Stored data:
╭──
(* In homogeneous coordinates fractional linear maps compose like matrices.
   If T maps finite points to finite points, then
   [Q(T q1, T q2, T q3, T q4) = r Q(q1, q2, q3, q4) r^-1] with [r = c q2 + d],
   a factor that does not depend on q4; the chart [x |-> (x - p)^-1], for a p
   avoided by all the points, moves everything to finite quaternions at the
   cost of another such conjugation.  Conversely, for three distinct points,
   three distinct images and any nonzero r there is a T realising them with
   factor r, and the cross-ratio with its first three (finite) arguments fixed
   is injective in the fourth, so the cross-ratio conditions force the images
   of the remaining points. *)

Section QuaternionMoebius.
Variable R : realType.
Local Notation H := (quat R).

(** * The division ring of quaternions *)

Definition quat_tuple (x : H) := (qr x, qi x, qj x, qk x).
Definition tuple_quat (t : R * R * R * R) : H := Quat t.1.1.1 t.1.1.2 t.1.2 t.2.
Lemma quat_tupleK : cancel quat_tuple tuple_quat. Proof. by case. Qed.
HB.instance Definition _ := Choice.copy H (can_type quat_tupleK).

Lemma quat_ext (x y : H) :
  qr x = qr y -> qi x = qi y -> qj x = qj y -> qk x = qk y -> x = y.
Proof. by case: x => ????; case: y => ???? /= -> -> -> ->. Qed.

Ltac quat_ring :=
  repeat (hnf; intro); repeat match goal with x : quat _ |- _ => destruct x end;
  apply: quat_ext; rewrite /=; ring.

Lemma qaddA : associative (@qadd R). Proof. quat_ring. Qed.
Lemma qaddC : commutative (@qadd R). Proof. quat_ring. Qed.
Lemma qadd0 : left_id (q0 R) (@qadd R). Proof. quat_ring. Qed.
Lemma qaddN : left_inverse (q0 R) (@qopp R) (@qadd R). Proof. quat_ring. Qed.
HB.instance Definition _ := GRing.isZmodule.Build H qaddA qaddC qadd0 qaddN.

Lemma qmulA : associative (@qmul R). Proof. quat_ring. Qed.
Lemma qmul1 : left_id (q1 R) (@qmul R). Proof. quat_ring. Qed.
Lemma qmulr1 : right_id (q1 R) (@qmul R). Proof. quat_ring. Qed.
Lemma qmulDl : left_distributive (@qmul R) (@qadd R). Proof. quat_ring. Qed.
Lemma qmulDr : right_distributive (@qmul R) (@qadd R). Proof. quat_ring. Qed.
Lemma q1_neq0 : q1 R != q0 R. Proof. by apply/eqP => -[] /eqP; rewrite oner_eq0. Qed.
HB.instance Definition _ :=
  GRing.Zmodule_isNzRing.Build H qmulA qmul1 qmulr1 qmulDl qmulDr q1_neq0.

Lemma qnorm2_eq0 (x : H) : (qnorm2 x == 0) = (x == 0).
Proof.
case: x => a b c d; rewrite /qnorm2 /= !paddr_eq0 ?addr_ge0 ?sqr_ge0 // !sqrf_eq0.
apply/idP/eqP => [/andP[/andP[/andP[/eqP-> /eqP->] /eqP->] /eqP->] | [-> -> -> ->]] //.
by rewrite !eqxx.
Qed.

Definition quat_unit := [pred x : H | x != 0].

Lemma qmulV : {in quat_unit, left_inverse 1 (@qinv R) *%R}.
Proof.
case=> a b c d; rewrite inE -qnorm2_eq0 /qnorm2 /= => n_neq0.
by apply: quat_ext; rewrite /= /qnorm2 /=; field.
Qed.

Lemma qmulVr : {in quat_unit, right_inverse 1 (@qinv R) *%R}.
Proof.
case=> a b c d; rewrite inE -qnorm2_eq0 /qnorm2 /= => n_neq0.
by apply: quat_ext; rewrite /= /qnorm2 /=; field.
Qed.

Lemma quat_unitP (x y : H) : y * x = 1 /\ x * y = 1 -> quat_unit x.
Proof.
by case=> yx1 _; rewrite inE; apply: contra_eqN yx1 => /eqP->; rewrite mulr0 eq_sym oner_eq0.
Qed.

Lemma qinv0 : {in [predC quat_unit], (@qinv R) =1 id}.
Proof.
move=> x; rewrite !inE negbK => /eqP->; apply: quat_ext;
by rewrite /= /qnorm2 /= expr0n /= !addr0 ?oppr0 ?mul0r.
Qed.
HB.instance Definition _ :=
  GRing.NzRing_hasMulInverse.Build H qmulV qmulVr quat_unitP qinv0.

Lemma quat_unitE (x : H) : (x \is a GRing.unit) = (x != 0). Proof. by []. Qed.

Lemma qeq0E (x : H) : qeq0 x = (x == 0).
Proof.
case: x => a b c d; rewrite /qeq0 /=.
by apply/idP/eqP => [/and4P[/eqP-> /eqP-> /eqP-> /eqP->] | [-> -> -> ->]] //; rewrite !eqxx.
Qed.

Lemma quat_mulf_eq0 (x y : H) : (x * y == 0) = (x == 0) || (y == 0).
Proof.
have [->|x_neq0] := eqVneq x 0; first by rewrite mul0r eqxx.
by rewrite /= -[LHS]negbK -[RHS]negbK -!quat_unitE unitrMr.
Qed.


(** * Quaternionic 2x2 matrices acting on the extended quaternions *)

Record m2 := M2 { ma : H; mb : H; mc : H; md : H }.

Definition fltm (M : m2) := flt (ma M) (mb M) (mc M) (md M).
Definition GL2m (M : m2) := GL2 (ma M) (mb M) (mc M) (md M).
Definition m2mul (M N : m2) :=
  M2 (ma M * ma N + mb M * mc N) (ma M * mb N + mb M * md N)
     (mc M * ma N + md M * mc N) (mc M * mb N + md M * md N).
Definition m2one := M2 1 0 0 1.

Lemma m2_ext (M N : m2) :
  ma M = ma N -> mb M = mb N -> mc M = mc N -> md M = md N -> M = N.
Proof. by case: M => ????; case: N => ???? /= -> -> -> ->. Qed.

Ltac m2_ring :=
  repeat (hnf; intro); repeat match goal with M : m2 |- _ => destruct M end;
  apply: m2_ext; quat_ring.

Lemma GL2mP (M : m2) : GL2m M <-> exists N, m2mul M N = m2one /\ m2mul N M = m2one.
Proof.
split=> [[a' [b' [c' [d' [[? ? ? ?] [? ? ? ?]]]]]] | [[a' b' c' d'] [h1 h2]]].
  by exists (M2 a' b' c' d'); split; apply: m2_ext.
by exists a', b', c', d'; split; split;
  [ exact: (congr1 ma h1) | exact: (congr1 mb h1) | exact: (congr1 mc h1) | exact: (congr1 md h1)
  | exact: (congr1 ma h2) | exact: (congr1 mb h2) | exact: (congr1 mc h2) | exact: (congr1 md h2)].
Qed.

Lemma m2mulA : associative m2mul. Proof. m2_ring. Qed.
Lemma m2mulm1 : right_id m2one m2mul. Proof. m2_ring. Qed.

Lemma GL2mM (M N : m2) : GL2m M -> GL2m N -> GL2m (m2mul M N).
Proof.
move=> /GL2mP[M' [MM' M'M]] /GL2mP[N' [NN' N'N]]; apply/GL2mP; exists (m2mul N' M').
by rewrite !m2mulA -(m2mulA M) -(m2mulA N') NN' M'M !m2mulm1 MM' N'N.
Qed.

Definition hvec (x : hext R) : H * H := if x is Some q then (q, 1) else (1, 0).
Definition hproj (w : H * H) : hext R :=
  if w.2 == 0 then None else Some (w.1 * w.2^-1).
Definition m2act (M : m2) (w : H * H) :=
  (ma M * w.1 + mb M * w.2, mc M * w.1 + md M * w.2).
Definition rscale (w : H * H) (l : H) := (w.1 * l, w.2 * l).

Lemma fltmE (M : m2) (x : hext R) : fltm M x = hproj (m2act M (hvec x)).
Proof.
by case: M => a b c d; case: x => [x|]; rewrite /fltm /hproj /= qeq0E ?mulr1 ?mulr0 ?addr0.
Qed.

Lemma m2actM (M N : m2) (w : H * H) : m2act M (m2act N w) = m2act (m2mul M N) w.
Proof. by case: w => u v; congr pair; rewrite /= !mulrDr !mulrDl !mulrA addrACA. Qed.

Lemma m2act1 (w : H * H) : m2act m2one w = w.
Proof. by case: w => u v; rewrite /m2act /= !mul1r !mul0r addr0 add0r. Qed.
╰──
→ **The task**:
Give the number of lines in the data that contain the string "cross" and nothing more.

→ **Answer to this task**:
2